Since the early 2000s, AI systems have eliminated more than 1.7 million jobs, and that number will only increase as AI improves. Some research estimates that by 2025, AI will eliminate more than 85 million jobs.
But for all the talk about job security, AI is also proving to be a powerful tool in healthcare—specifically, cancer detection. One recently published study has shown that, remarkably, artificial intelligence was able to detect 20 percent more cancers in imaging scans than radiologists alone.
Published in The Lancet Oncology, the study analyzed the scans of 80,000 Swedish women with a moderate hereditary risk of breast cancer who had undergone a mammogram between April 2021 and July 2022. Half of these scans were read by AI and then a radiologist to double-check the findings. The second group of scans was read by two researchers without the help of AI. (Currently, the standard of care across Europe is to have two radiologists analyze a scan before diagnosing a patient with breast cancer.)
The study showed that the AI group detected cancer in 6 out of every 1,000 scans, while the radiologists detected cancer in 5 per 1,000 scans. In other words, AI found 20 percent more cancers than the highly-trained radiologists.
Scientists have been using MRI images (like the ones pictured here) to train artificial intelligence to detect cancers earlier and with more accuracy. Here, MIT's AI system, MIRAI, looks for patterns in a patient's mammograms to detect breast cancer earlier than ever before. news.mit.edu
But even though the AI was better able to pinpoint cancer on an image, it doesn’t mean radiologists will soon be out of a job. Dr. Laura Heacock, a breast radiologist at NYU, said in an interview with CNN that radiologists do much more than simply screening mammograms, and that even well-trained technology can make errors. “These tools work best when paired with highly-trained radiologists who make the final call on your mammogram. Think of it as a tool like a stethoscope for a cardiologist.”

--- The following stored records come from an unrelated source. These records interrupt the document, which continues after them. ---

(* Let $A_{i,j}(z)=|z|^\gamma(|z|^2\delta_{i,j}-z_iz_j)$ on $\mathbb{R}^d$ with $-d-1\le\gamma\le 1$, and let $s_t:\mathbb{R}^d\to\mathbb{R}^d$ be any sufficiently regular time-dependent vector field. Consider the continuity equation $$\frac{\partial u_t}{\partial t}+\nabla\cdot(v_tu_t)=0,\qquad v_t(x)=-\int_{\mathbb{R}^d}A(x-y)\big[s_t(x)-s_t(y)\big]\,\mathrm{d}u_t(y),$$ with initial density $u_0$. 1. The density solution $u_t$ conserves mass, momentum and energy: $\int u_t=\int u_0$, $\int xu_t=\int xu_0$, $\int|x|^2u_t=\int|x|^2u_0$; moreover the estimated entropy $\mathcal{E}_t:=\int_0^t\int_{\mathbb{R}^d}s_\tau(x)\cdot v_\tau(x)u_\tau(x)\,\mathrm{d}x\,\mathrm{d}\tau$ satisfies $\frac{\mathrm{d}}{\mathrm{d}t}\mathcal{E}_t\le 0$. 2. The particle solution $\frac1n\sum_{i=1}^n\delta_{X_i(t)}$ with $\frac{\mathrm{d}X_i}{\mathrm{d}t}=v_t(X_i)$, where $v_t(X_i)=-\frac1n\sum_{j=1}^nA(X_i-X_j)[s_t(X_i)-s_t(X_j)]$, conserves mass, momentum and energy: $\frac1n\sum_iX_i(t)=\frac1n\sum_iX_i(0)$ and $\frac1n\sum_i|X_i(t)|^2=\frac1n\sum_i|X_i(0)|^2$; moreover $\mathcal{E}_t:=\frac1n\int_0^t\sum_{i=1}^n s_\tau(X_i)\cdot v_\tau(X_i)\,\mathrm{d}\tau$ satisfies $\frac{\mathrm{d}}{\mathrm{d}t}\mathcal{E}_t\le0$. 3. The forward-Euler time-discretized particle solution $X_i^{k+1}=X_i^k+\Delta t\, v(X_i^k)$, where $v(X_i^k)=-\frac1n\sum_{j=1}^nA(X_i^k-X_j^k)[s(X_i^k)-s(X_j^k)]$ and $\{X_i^k\}_{i=1}^n$ are the particle locations at time $t_k=k\Delta t$, conserves mass and momentum, $\frac1n\sum_iX_i^{k+1}=\frac1n\sum_iX_i^k$, and the estimated entropy $\mathcal{E}^k:=\frac{\Delta t}{n}\sum_{j=1}^k\sum_{i=1}^n s(X_i^j)\cdot v(X_i^j)$ satisfies $\mathcal{E}^{k+1}\le\mathcal{E}^k$.
   Context: Solutions of the continuity equation are understood in the weak sense: $u_t$ is a curve of probability measures with $\frac{\mathrm{d}}{\mathrm{d}t}\int\phi\,\mathrm{d}u_t=\int\nabla\phi\cdot v_t\,\mathrm{d}u_t$ for all test functions $\phi$. *)

From HB Require Import structures.
From mathcomp Require Import all_boot all_order all_algebra.
From mathcomp Require Import all_classical all_reals all_analysis.

Set Implicit Arguments.
Unset Strict Implicit.
Unset Printing Implicit Defensive.

Import Order.TTheory GRing.Theory Num.Theory numFieldNormedType.Exports.

Local Open Scope classical_set_scope.
Local Open Scope ring_scope.

(* R^d is represented by row vectors 'rV[R]_d.  We equip it with the  *)
(* sigma-algebra generated by the coordinate projections (this is the *)
(* Borel sigma-algebra of R^d), exactly as MathComp-Analysis does for *)
(* n.-tuple T.                                                        *)
Definition rV_measure_display : measure_display -> measure_display.
Proof. exact. Qed.

Section measurable_rV.
Context {R : realType} (d : nat).

Definition rV_coord : 'I_d -> 'rV[R]_d -> R := fun i x => x ord0 i.

Let rV_set0 : g_sigma_preimage rV_coord set0.
Proof. exact: sigma_algebra0. Qed.

Let rV_setC A : g_sigma_preimage rV_coord A -> g_sigma_preimage rV_coord (~` A).
Proof. exact: sigma_algebraC. Qed.

Let rV_bigcup (F : _^nat) : (forall i, g_sigma_preimage rV_coord (F i)) ->
  g_sigma_preimage rV_coord (\bigcup_i (F i)).
Proof. exact: sigma_algebra_bigcup. Qed.

HB.instance Definition _ := @isMeasurable.Build
  (rV_measure_display default_measure_display)
  'rV[R]_d (g_sigma_preimage rV_coord) rV_set0 rV_setC rV_bigcup.

End measurable_rV.

Definition dotv {R : realType} {d : nat} (x y : 'rV[R]_d) : R :=
  \sum_(k < d) x ord0 k * y ord0 k.

Definition enorm {R : realType} {d : nat} (x : 'rV[R]_d) : R :=
  Num.sqrt (dotv x x).

Definition Akernel {R : realType} {d : nat} (gamma : R) (z : 'rV[R]_d)
  : 'M[R]_d :=
  (enorm z `^ gamma) *: ((dotv z z) *: 1%:M - z^T *m z).

Definition matvec {R : realType} {d : nat} (M : 'M[R]_d) (w : 'rV[R]_d)
  : 'rV[R]_d :=
  \row_k \sum_(l < d) M k l * w ord0 l.

Definition vel_cont {R : realType} {d : nat} (gamma : R)
  (u : {measure set 'rV[R]_d -> \bar R}) (s : 'rV[R]_d -> 'rV[R]_d)
  (x : 'rV[R]_d) : 'rV[R]_d :=
  \row_k - Rintegral u setT
            (fun y => (matvec (Akernel gamma (x - y)) (s x - s y)) ord0 k).

Definition vel_part {R : realType} {d n : nat} (gamma : R)
  (s : 'rV[R]_d -> 'rV[R]_d) (X : 'I_n -> 'rV[R]_d) (i : 'I_n) : 'rV[R]_d :=
  - ((n%:R)^-1 *: \sum_(j < n) matvec (Akernel gamma (X i - X j)) (s (X i) - s (X j))).

(* Test functions for the weak formulation: C^1-type functions with
   polynomial growth (|phi| <= C(1+|x|^2), |grad phi| <= C(1+|x|)), a
   class containing 1, x_k and |x|^2.  grad phi(x) . w is 'd phi x w. *)
Definition test_fun {R : realType} {d : nat} (phi : 'rV[R]_d -> R) : Prop :=
  (forall x, differentiable phi x) /\
  exists C : R, forall x,
    `|phi x| <= C * (1 + dotv x x) /\
    forall w, `|'d phi x w| <= C * (1 + enorm x) * enorm w.

(* Weak solution on t >= 0 of  d_t u + div(V_t u) = 0 :
   for every test function phi, t |-> \int phi du_t is continuous on [0,oo)
   and for t > 0,  d/dt \int phi du_t = \int grad phi . V_t du_t. *)
Definition weak_solution {R : realType} {d : nat}
  (u : R -> probability 'rV[R]_d R) (V : R -> 'rV[R]_d -> 'rV[R]_d) : Prop :=
  forall phi : 'rV[R]_d -> R, test_fun phi ->
    {within [set t : R | 0 <= t],
       continuous (fun t => Rintegral (u t) setT phi)} /\
    forall t : R, 0 < t ->
      derivable (fun t => Rintegral (u t) setT phi) t 1 /\
      derive1 (fun t => Rintegral (u t) setT phi) t =
        Rintegral (u t) setT (fun x => 'd phi x (V t x)).

From HB Require Import structures.
From mathcomp Require Import all_boot all_order all_algebra.
From mathcomp Require Import all_classical all_reals all_analysis.
From mathcomp Require Import ring lra measurable_realfun.

Import Order.TTheory GRing.Theory Num.Theory numFieldNormedType.Exports.

Local Open Scope classical_set_scope.
Local Open Scope ring_scope.

(* The velocity field is an average of the pair flux F(x, y) = A(x - y)(s(x) - s(y)),
   which is antisymmetric because A(-z) = A(z).  Pairing v with any field c and
   symmetrising in (x, y) (a double sum for particles, Fubini for the density) gives
     \int c . v du = - 1/2 \iint (c(x) - c(y)) . A(x - y)(s(x) - s(y)) du(x) du(y).
   For constant c the right-hand side vanishes (momentum), for c(x) = x it vanishes
   because A(z) z = 0 (energy), and for c = s it is nonpositive because A(z) is
   positive semidefinite (entropy).  These are identities at each fixed time, so they
   also hold along the forward Euler scheme; conservation in continuous time then
   follows from a vanishing derivative, and the entropy rate from the fundamental
   theorem of calculus. *)

Section inner_product.
Context {R : realType} {d : nat}.
Implicit Types (a b w z : 'rV[R]_d).

Lemma dotvC a b : dotv a b = dotv b a.
Proof. by apply: eq_bigr => k _; rewrite mulrC. Qed.

Lemma dotvDl a b w : dotv (a + b) w = dotv a w + dotv b w.
Proof. by rewrite /dotv -big_split; apply: eq_bigr => k _; rewrite !mxE mulrDl. Qed.

Lemma dotvNl a w : dotv (- a) w = - dotv a w.
Proof. by rewrite /dotv -sumrN; apply: eq_bigr => k _; rewrite !mxE mulNr. Qed.

Lemma dotvZl (c : R) a w : dotv (c *: a) w = c * dotv a w.
Proof. by rewrite /dotv mulr_sumr; apply: eq_bigr => k _; rewrite !mxE mulrA. Qed.

Lemma dotvBl a b w : dotv (a - b) w = dotv a w - dotv b w.
Proof. by rewrite dotvDl dotvNl. Qed.

Lemma dotvNr a w : dotv w (- a) = - dotv w a.
Proof. by rewrite dotvC dotvNl dotvC. Qed.

Lemma dotvBr a b w : dotv w (a - b) = dotv w a - dotv w b.
Proof. by rewrite dotvC dotvBl !(dotvC w). Qed.

Lemma dotvZr (c : R) a w : dotv w (c *: a) = c * dotv w a.
Proof. by rewrite dotvC dotvZl dotvC. Qed.

Lemma dotv0l w : dotv 0 w = 0.
Proof. by rewrite -(scale0r 0) dotvZl mul0r. Qed.

Lemma dotv_sumr n w (f : 'I_n -> 'rV[R]_d) :
  dotv w (\sum_(j < n) f j) = \sum_(j < n) dotv w (f j).
Proof.
rewrite /dotv; under eq_bigr do rewrite summxE mulr_sumr.
exact: exchange_big.
Qed.

Lemma dotv_ge0 a : 0 <= dotv a a.
Proof. by apply: sumr_ge0 => k _; rewrite -expr2 sqr_ge0. Qed.
(* Let $\sigma$ be a signature and let $\mathcal K$ be a nonempty class of causal teams over $\sigma$ (respectively, a nonempty class of generalized causal teams over $\sigma$). Then there is a $\mathcal{CO}[\sigma]$-formula $\varphi$ with $\mathcal K=\{T \text{ over } \sigma : T\models\varphi\}$ (satisfaction $\models^c$, respectively $\models^g$) if and only if $\mathcal K$ is flat and closed under equivalence.
   Context: A signature $\sigma=(\mathrm{Dom},\mathrm{Ran})$: $\mathrm{Dom}$ is a nonempty finite set of variables and each $X\in\mathrm{Dom}$ has a nonempty finite range $\mathrm{Ran}(X)$. For a sequence $\mathbf X=\langle X_1,\dots,X_n\rangle$, $\mathrm{Ran}(\mathbf X)=\mathrm{Ran}(X_1)\times\dots\times\mathrm{Ran}(X_n)$; for $\mathbf x\in\mathrm{Ran}(\mathbf X)$, $\mathbf X=\mathbf x$ abbreviates $X_1=x_1\wedge\dots\wedge X_n=x_n$; it is inconsistent if it contains conjuncts $X=x$, $X=x'$ with $x\neq x'$, consistent otherwise. $\mathcal{CO}[\sigma]$-formulas: $\alpha::=X=x\mid\neg\alpha\mid\alpha\wedge\alpha\mid\alpha\vee\alpha\mid\mathbf X=\mathbf x\;\Box\!\!\rightarrow\alpha$ (with $x\in\mathrm{Ran}(X)$, $\mathbf x\in\mathrm{Ran}(\mathbf X)$). An assignment is a map $s$ on $\mathrm{Dom}$ with $s(X)\in\mathrm{Ran}(X)$; $\mathbb A_\sigma$ is the set of assignments. A system of functions $\mathcal F$ assigns to each $V$ in a set $\mathrm{En}(\mathcal F)\subseteq\mathrm{Dom}$ a set $PA^{\mathcal F}_V\subseteq\mathrm{Dom}\setminus\{V\}$ and a function $\mathcal F_V:\mathrm{Ran}(PA^{\mathcal F}_V)\to\mathrm{Ran}(V)$; $\mathrm{Ex}(\mathcal F)=\mathrm{Dom}\setminus\mathrm{En}(\mathcal F)$. Only recursive systems (the graph with edges $X\to Y$ iff $X\in PA^{\mathcal F}_Y$ is acyclic) are considered; $\mathbb F_\sigma$ is the finite set of them. $s$ is compatible with $\mathcal F$ if $s(V)=\mathcal F_V(s(PA^{\mathcal F}_V))$ for all $V\in\mathrm{En}(\mathcal F)$; $\mathbb S_\sigma$ is the set of pairs $(s,\mathcal F)\in\mathbb A_\sigma\times\mathbb F_\sigma$ with $s$ compatible with $\mathcal F$. For consistent $\mathbf X=\mathbf x$: $\mathcal F_{\mathbf X=\mathbf x}$ is the restriction of $\mathcal F$ to $\mathrm{En}(\mathcal F)\setminus\mathbf X$, and $s^{\mathcal F}_{\mathbf X=\mathbf x}$ is defined recursively by $X_i\mapsto x_i$, $V\mapsto s(V)$ for $V\in\mathrm{Ex}(\mathcal F)\setminus\mathbf X$, $V\mapsto\mathcal F_V(s^{\mathcal F}_{\mathbf X=\mathbf x}(PA^{\mathcal F}_V))$ for $V\in\mathrm{En}(\mathcal F)\setminus\mathbf X$. A causal team is $T=(T^-,\mathcal F)$ with $\mathcal F\in\mathbb F_\sigma$ and $T^-\subseteq\mathbb A_\sigma$ consisting of assignments compatible with $\mathcal F$; all causal teams with empty team component are identified as the empty causal team $\emptyset$. $(S^-,\mathcal G)$ is a causal subteam of $(T^-,\mathcal F)$ if $S^-\subseteq T^-$ and $\mathcal G=\mathcal F$ ($\emptyset$ is a causal subteam of every causal team). $T_{\mathbf X=\mathbf x}=(\{s^{\mathcal F}_{\mathbf X=\mathbf x}:s\in T^-\},\mathcal F_{\mathbf X=\mathbf x})$. Satisfaction $\models^c$: $T\models X=x$ iff $s(X)=x$ for all $s\in T^-$; $T\models\neg\alpha$ iff $(\{s\},\mathcal F)\not\models\alpha$ for all $s\in T^-$; $\wedge$ as usual; $T\models\varphi\vee\psi$ iff there are causal subteams $T_1,T_2$ of $T$ with $T_1^-\cup T_2^-=T^-$, $T_1\models\varphi$, $T_2\models\psi$; $T\models\mathbf X=\mathbf x\;\Box\!\!\rightarrow\varphi$ iff $\mathbf X=\mathbf x$ is inconsistent or $T_{\mathbf X=\mathbf x}\models\varphi$. A generalized causal team is a set $T\subseteq\mathbb S_\sigma$; $T^-=\{s:(s,\mathcal F)\in T\text{ for some }\mathcal F\}$; causal subteams are subsets, unions are set unions; $T_{\mathbf X=\mathbf x}=\{(s^{\mathcal F}_{\mathbf X=\mathbf x},\mathcal F_{\mathbf X=\mathbf x}):(s,\mathcal F)\in T\}$. Satisfaction $\models^g$ has the same clauses except $T\models\neg\alpha$ iff $\{(s,\mathcal F)\}\not\models\alpha$ for all $(s,\mathcal F)\in T$, and $T\models\varphi\vee\psi$ iff $T=T_1\cup T_2$ with $T_1\models\varphi$, $T_2\models\psi$. Equivalence: $\mathrm{Cn}(\mathcal F)$ is the set of $V\in\mathrm{En}(\mathcal F)$ with $\mathcal F_V$ constant. $\mathcal F_V\sim\mathcal G_V$ means $\mathcal F_V(\mathbf x\mathbf y)=\mathcal G_V(\mathbf x\mathbf z)$ for all $\mathbf x\in\mathrm{Ran}(PA^{\mathcal F}_V\cap PA^{\mathcal G}_V)$, $\mathbf y\in\mathrm{Ran}(PA^{\mathcal F}_V\setminus PA^{\mathcal G}_V)$, $\mathbf z\in\mathrm{Ran}(PA^{\mathcal G}_V\setminus PA^{\mathcal F}_V)$. $\mathcal F\sim\mathcal G$ iff $\mathrm{En}(\mathcal F)\setminus\mathrm{Cn}(\mathcal F)=\mathrm{En}(\mathcal G)\setminus\mathrm{Cn}(\mathcal G)$ and $\mathcal F_V\sim\mathcal G_V$ for all $V$ in this set. Nonempty causal teams $(T^-,\mathcal F),(S^-,\mathcal G)$ are equivalent ($\approx$) iff $\mathcal F\sim\mathcal G$ and $T^-=S^-$. For a generalized causal team $T$, $T^{\mathcal F}=\{(s,\mathcal G)\in T:\mathcal G\sim\mathcal F\}$; generalized causal teams $S,T$ are equivalent iff $(S^{\mathcal F})^-=(T^{\mathcal F})^-$ for all $\mathcal F\in\mathbb F_\sigma$. A class $\mathcal K$ is closed under equivalence if $T\in\mathcal K$ and $T\approx S$ imply $S\in\mathcal K$. It is flat if: for causal teams, $(T^-,\mathcal F)\in\mathcal K$ iff $(\{s\},\mathcal F)\in\mathcal K$ for all $s\in T^-$; for generalized causal teams, $T\in\mathcal K$ iff $\{(s,\mathcal F)\}\in\mathcal K$ for all $(s,\mathcal F)\in T$. *)

From HB Require Import structures.
From mathcomp Require Import all_boot.
Set Implicit Arguments.
Unset Strict Implicit.
Unset Printing Implicit Defensive.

AI is still an emerging technology, but more and more doctors are using them to detect different cancers. For example, researchers at MIT have developed a program called MIRAI, which looks at patterns in patient mammograms across a series of scans and uses an algorithm to model a patient's risk of developing breast cancer over time. The program was "trained" with more than 200,000 breast imaging scans from Massachusetts General Hospital and has been tested on over 100,000 women in different hospitals across the world. According to MIT, MIRAI "has been shown to be more accurate in predicting the risk for developing breast cancer in the short term (over a 3-year period) compared to traditional tools." It has also been able to detect breast cancer up to five years before a patient receives a diagnosis.
The challenges for cancer-detecting AI tools now is not just accuracy. AI tools are also being challenged to perform consistently well across different ages, races, and breast density profiles, particularly given the increased risks that different women face. For example, Black women are 42 percent more likely than white women to die from breast cancer, despite having nearly the same rates of breast cancer as white women. Recently, an FDA-approved AI device for screening breast cancer has come under fire for wrongly detecting cancer in Black patients significantly more often than white patients.
As AI technology improves, radiologists will be able to accurately scan a more diverse set of patients at a larger volume than ever before, potentially saving more lives than ever.